There were no differences between the intervention and the control groups in the prevalence of smoking prenatally and at 12 months after birth (Table 2). Only 15 (6%) of the 251 mothers in the intervention group and 21 (8.7%) of the 242 mothers in the control group were smokers at the outset of the study. However, an additional 16 (6%) of the women in the intervention group and 21 (8.7%) of the women in the control group were smoking 1 year before enrollment but had already stopped smoking before the beginning of the study. During the 12-month study period, some smokers gave up smoking, while some nonsmokers initiated smoking. There were no differences in the proportion of mothers, fathers, and others who gave up smoking or acquired smoking habits between the 2 groups.

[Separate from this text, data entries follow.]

Lemma det_keep_rows_mx n (M : 'M[R]_n) (J : {set 'I_n}) :
  \det (keep_rows_mx M J) = \det (psub M J).
Proof.
have card_split : (#|J| + #|~: J| = n)%N by rewrite cardsC card_ord.
pose h (p : 'I_(#|J| + #|~: J|)) : 'I_n :=
  match split p with
  | inl a => @enum_val _ (mem J) a
  | inr b => @enum_val _ (mem (~: J)) b
  end.
have notJ (b : 'I_#|~: J|) : (@enum_val _ (mem (~: J)) b \in J) = false.
  by have := @enum_valP _ (mem (~: J)) b; rewrite inE => /negPf.
have h_inj : injective h.
  move=> p q; rewrite /h -{2}[p]splitK -{2}[q]splitK.
  case: (split p) => a; case: (split q) => b.
  - by move/enum_val_inj ->.
  - by move=> E; have := @enum_valP _ (mem J) a; rewrite E notJ.
  - by move=> E; have := @enum_valP _ (mem J) b; rewrite -E notJ.
  - by move/enum_val_inj ->.
rewrite -(det_reindex (keep_rows_mx M J) h_inj card_split).
set N := \matrix_(p, q) _; rewrite -[N]submxK.
have -> : dlsubmx N = 0.
  apply/matrixP => a b; rewrite !mxE /h (unsplitK (inl _)) (unsplitK (inr _)).
  rewrite notJ; case: eqP => // E.
  by have := @enum_valP _ (mem J) b; rewrite -E notJ.
have -> : drsubmx N = 1%:M.
  apply/matrixP => a b; rewrite !mxE /h !(unsplitK (inr _)).
  by rewrite notJ (inj_eq enum_val_inj).
have -> : ulsubmx N = psub M J.
  apply/matrixP => a b; rewrite !mxE /h !(unsplitK (inl _)).
  by rewrite (@enum_valP _ (mem J) a).
by rewrite det_ublock det1 mulr1.
Qed.

Lemma det_diag_add n (d : 'rV[R]_n) (M : 'M[R]_n) :
  \det (diag_mx d + M) =
    \sum_(J : {set 'I_n}) (\prod_(i in ~: J) d 0 i) * \det (psub M J).
Proof.
under eq_bigr => J _ do rewrite -det_keep_rows_mx.
rewrite /determinant.
under eq_bigr => J _ do rewrite big_distrr /=.
rewrite exchange_big /=; apply: eq_bigr => s _.
under eq_bigr => i _ do rewrite !mxE addrC.
rewrite bigA_distr big_distrr /=; apply: eq_bigr => J _.
rewrite mulrCA; congr (_ * _).
rewrite (big_mkcond (fun i => i \in ~: J)) -big_split /=.
apply: eq_bigr => i _; rewrite !mxE inE.
by case: (i \in J); rewrite /= ?mul1r //; case: eqP; rewrite ?mulr1 ?mulr0 ?mulr1n ?mulr0n.
Qed.

Lemma det_scalar_add_mulmxC m k (x : R) (P : 'M[R]_(m, k)) (Q : 'M[R]_(k, m)) :
  x ^+ k * \det (x%:M + P *m Q) = \det (x%:M + Q *m P) * x ^+ m.
Proof.
pose M := block_mx 1%:M (- Q) P (x%:M : 'M[R]_m).
pose L1 := block_mx 1%:M 0 (- P) (1%:M : 'M[R]_m).
pose L2 := block_mx (x%:M : 'M[R]_k) Q 0 (1%:M : 'M[R]_m).
have ML1 : L1 *m M = block_mx 1%:M (- Q) 0 (x%:M + P *m Q).
  rewrite mulmx_block !mul1mx !mul0mx !addr0 mulmx1 mulNmx mulmxN opprK addNr.
  by rewrite addrC.
have ML2 : L2 *m M = block_mx (x%:M + Q *m P) 0 P (x%:M).
  rewrite mulmx_block !mul1mx !mul0mx !add0r !mulmx1 mulmxN.
  by rewrite mul_scalar_mx mul_mx_scalar addNr.
have := congr1 determinant ML1; have := congr1 determinant ML2.
rewrite !det_mulmx !det_ublock !det_lblock !det1 !det_scalar !mul1r !mulr1.
by move=> <- <-.
Qed.

End CommRingDeterminants.

Section AdjugateCoefficients.
Variables (F : fieldType) (n : nat).

Lemma psub_map_polyC (M : 'M[F]_n) (J : {set 'I_n}) :
  psub (map_mx polyC M) J = map_mx polyC (princ_sub M J).
Proof. by apply/matrixP => p q; rewrite !mxE. Qed.

Lemma coef_det_Xdiag (S : {set 'I_n}) (M : 'M[F]_n) m : (m <= n)%N ->
  (\det (diag_mx (\row_i (if i \in S then 0 else 'X)) + map_mx polyC M))`_(n - m) =
    \sum_(J : {set 'I_n} | (#|J| == m) && (S \subset J)) \det (princ_sub M J).
Proof.
move=> le_mn; rewrite det_diag_add coef_sum [RHS]big_mkcond /=.
apply: eq_bigr => J _; rewrite psub_map_polyC det_map_mx /=.
case: (boolP (S \subset J)) => [sSJ | /subsetPn[i Si notJi]]; last first.
  by rewrite (bigD1 i) /= ?inE // mxE Si !mul0r coef0 andbF.
rewrite (eq_bigr (fun=> 'X)); last first.
  by move=> i; rewrite inE mxE; case: ifP => // /(subsetP sSJ) ->.
rewrite prodr_const mulrC coefCM coefXn andbT.
have cardCJ : #|~: J| = (n - #|J|)%N by rewrite cardsCs setCK card_ord.
have -> : (n - m == #|~: J|)%N = (#|J| == m).
  have := max_card J; rewrite card_ord cardCJ => le_Jn; apply/eqP/eqP; lia.
by case: eqP; rewrite ?mulr1 ?mulr0.
Qed.

Lemma det_princ_sub_rank (M : 'M[F]_n) (J : {set 'I_n}) :
  (\rank M < #|J|)%N -> \det (princ_sub M J) = 0.
Proof.
move=> lt_rank; apply/eqP; apply: contraTT lt_rank => /negbTE det_neq0.
have : princ_sub M J \in unitmx by rewrite unitmxE unitfE det_neq0.
rewrite -row_full_unit /row_full -leqNgt => /eqP <-.
have -> : princ_sub M J = rowsub enum_val 1%:M *m M *m colsub enum_val 1%:M.
  rewrite mul_rowsub_mx mul1mx mulmx_colsub mulmx1.
  by apply/matrixP => p q; rewrite !mxE.
exact: leq_trans (mxrankM_maxl _ _) (mxrankM_maxr _ _).
Qed.

Variable B : 'M[F]_n.

Definition Xadd_mx : 'M[{poly F}]_n := 'X%:M + map_mx polyC B.

Definition adj_coef s : 'M[F]_n := \matrix_(a, b) (\adj Xadd_mx a b)`_s.

Definition adj_coef_prev s : 'M[F]_n := if s is s'.+1 then adj_coef s' else 0.

Lemma coef_det_Xadd m : (m <= n)%N ->
  (\det Xadd_mx)`_(n - m) =
    \sum_(J : {set 'I_n} | #|J| == m) \det (princ_sub B J).
Proof.
move=> le_mn; have -> : Xadd_mx = diag_mx (\row_i (if i \in set0 then 0 else 'X))
                                   + map_mx polyC B.
  by apply/matrixP => p q; rewrite !mxE inE.
by rewrite coef_det_Xdiag //; apply: eq_bigl => J; rewrite sub0set andbT.
Qed.

Lemma sum_minors_row_repl (c : 'rV[F]_n) j m : (m <= n)%N ->
  \sum_(J : {set 'I_n} | (#|J| == m) && (j \in J)) \det (princ_sub (row_repl B j c) J) =
    (c *m adj_coef (n - m)) 0 j.
Proof.
move=> le_mn; pose X := \matrix_(p, q) if p == j then (c 0 q)%:P else Xadd_mx p q.
have XE : X = diag_mx (\row_i (if i \in [set j] then 0 else 'X))
              + map_mx polyC (row_repl B j c).
  apply/matrixP => p q; rewrite !mxE inE.
  by case: (p == j); case: (p == q); rewrite ?add0r ?addr0 ?mulr1n ?mulr0n.
under eq_bigl => J do rewrite -sub1set.
rewrite -coef_det_Xdiag // -XE (expand_det_row X j) coef_sum mxE.
apply: eq_bigr => q _; rewrite !mxE eqxx coefCM; congr (_ * _).
suff -> : cofactor X j q = cofactor Xadd_mx j q by [].
rewrite /cofactor; congr (_ * \det _).
by apply/matrixP => a b; rewrite !mxE eq_sym (negPf (neq_lift _ _)).
Qed.

Lemma sum_minors_col_repl (c : 'cV[F]_n) i m : (m <= n)%N ->
  \sum_(J : {set 'I_n} | (#|J| == m) && (i \in J)) \det (princ_sub (col_repl B i c) J) =
    (adj_coef (n - m) *m c) i 0.
Proof.
move=> le_mn; pose X := \matrix_(p, q) if q == i then (c p 0)%:P else Xadd_mx p q.
have XE : X = diag_mx (\row_p (if p \in [set i] then 0 else 'X))
              + map_mx polyC (col_repl B i c).
  apply/matrixP => p q; rewrite !mxE inE.
  case: (eqVneq q i) => [->|ne_qi]; first by case: (p == i); rewrite ?mulr0n add0r.
  by case: (eqVneq p q) => [->|]; rewrite ?(negPf ne_qi) ?mulr1n ?mulr0n.
under eq_bigl => J do rewrite -sub1set.
rewrite -coef_det_Xdiag // -XE (expand_det_col X i) coef_sum mxE.
apply: eq_bigr => p _; rewrite !mxE eqxx coefCM mulrC; congr (_ * _).
suff -> : cofactor X p i = cofactor Xadd_mx p i by [].
rewrite /cofactor; congr (_ * \det _).
by apply/matrixP => a b; rewrite !mxE eq_sym (negPf (neq_lift _ _)).
Qed.

Lemma adj_coef_recl s :
  adj_coef_prev s + B *m adj_coef s = ((\det Xadd_mx)`_s)%:M.
Proof.
apply/matrixP => a b.
have := congr1 (fun M : 'M[{poly F}]_n => (M a b)`_s) (mul_mx_adj Xadd_mx).
rewrite /= {1}/Xadd_mx mulmxDl mul_scalar_mx !mxE coefD coefXM coefMn => <-.
congr (_ + _); first by case: s => [|s]; rewrite /= ?mxE.
by rewrite coef_sum; apply: eq_bigr => l _; rewrite !mxE coefCM.
Qed.

Lemma adj_coef_recr s :
  adj_coef_prev s + adj_coef s *m B = ((\det Xadd_mx)`_s)%:M.
Proof.
apply/matrixP => a b.
have := congr1 (fun M : 'M[{poly F}]_n => (M a b)`_s) (mul_adj_mx Xadd_mx).
rewrite /= {2}/Xadd_mx mulmxDr mul_mx_scalar !mxE coefD coefXM coefMn => <-.
congr (_ + _); first by case: s => [|s]; rewrite /= ?mxE.
by rewrite coef_sum; apply: eq_bigr => l _; rewrite !mxE coefMC.
Qed.

Lemma coef_det_Xadd_lt_corank s :
  (s < n - \rank B)%N -> (\det Xadd_mx)`_s = 0.
Proof.
move=> lt_s; rewrite -(subKn (ltnW (leq_trans lt_s (leq_subr _ _)))).
rewrite coef_det_Xadd ?leq_subr //.
by rewrite big1 // => J /eqP cardJ; apply: det_princ_sub_rank; lia.
Qed.

Lemma adj_coef_prev_annihilated s : (s <= n - \rank B)%N ->
  B ^+ s *m adj_coef_prev s = 0 /\ adj_coef_prev s *m B ^+ s = 0.
Proof.
elim: s => [|s IH] le_s; first by rewrite mulmx0 mul0mx.
have [IHl IHr] := IH (ltnW le_s).
have recl := adj_coef_recl s; have recr := adj_coef_recr s.
rewrite coef_det_Xadd_lt_corank // raddf0 in recl recr.
have BQ : B *m adj_coef s = - adj_coef_prev s by rewrite -(addKr (adj_coef_prev s) (B *m _)) recl addr0.
have QB : adj_coef s *m B = - adj_coef_prev s by rewrite -(addKr (adj_coef_prev s) (_ *m B)) recr addr0.
split.
  by rewrite exprSr -mulmxE -mulmxA BQ mulmxN IHl oppr0.
by rewrite exprS -mulmxE mulmxA QB mulNmx IHr oppr0.
Qed.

In the intervention group, only 9 (3.6%) of the parents did not use the mattress encasement provided for their beds, and 11 (4.4%) did not use the encasement provided for the infants' beds. On average, 6.5% of the families in the intervention group did not have a benzyl benzoate application on the carpets. There were no differences between the intervention and the control groups in the levels of mite allergen in their homes prenatally (geometric mean, 1.31 vs 1.46 µg/g of dust) (Figure 2). Mite allergen levels were reduced by about one third in the intervention group at 12 months after birth, significantly different from those in the control group at all intervals. The reduction in mite allergen levels was primarily due to encasement of mattresses rather than to the application of benzyl benzoate to carpets.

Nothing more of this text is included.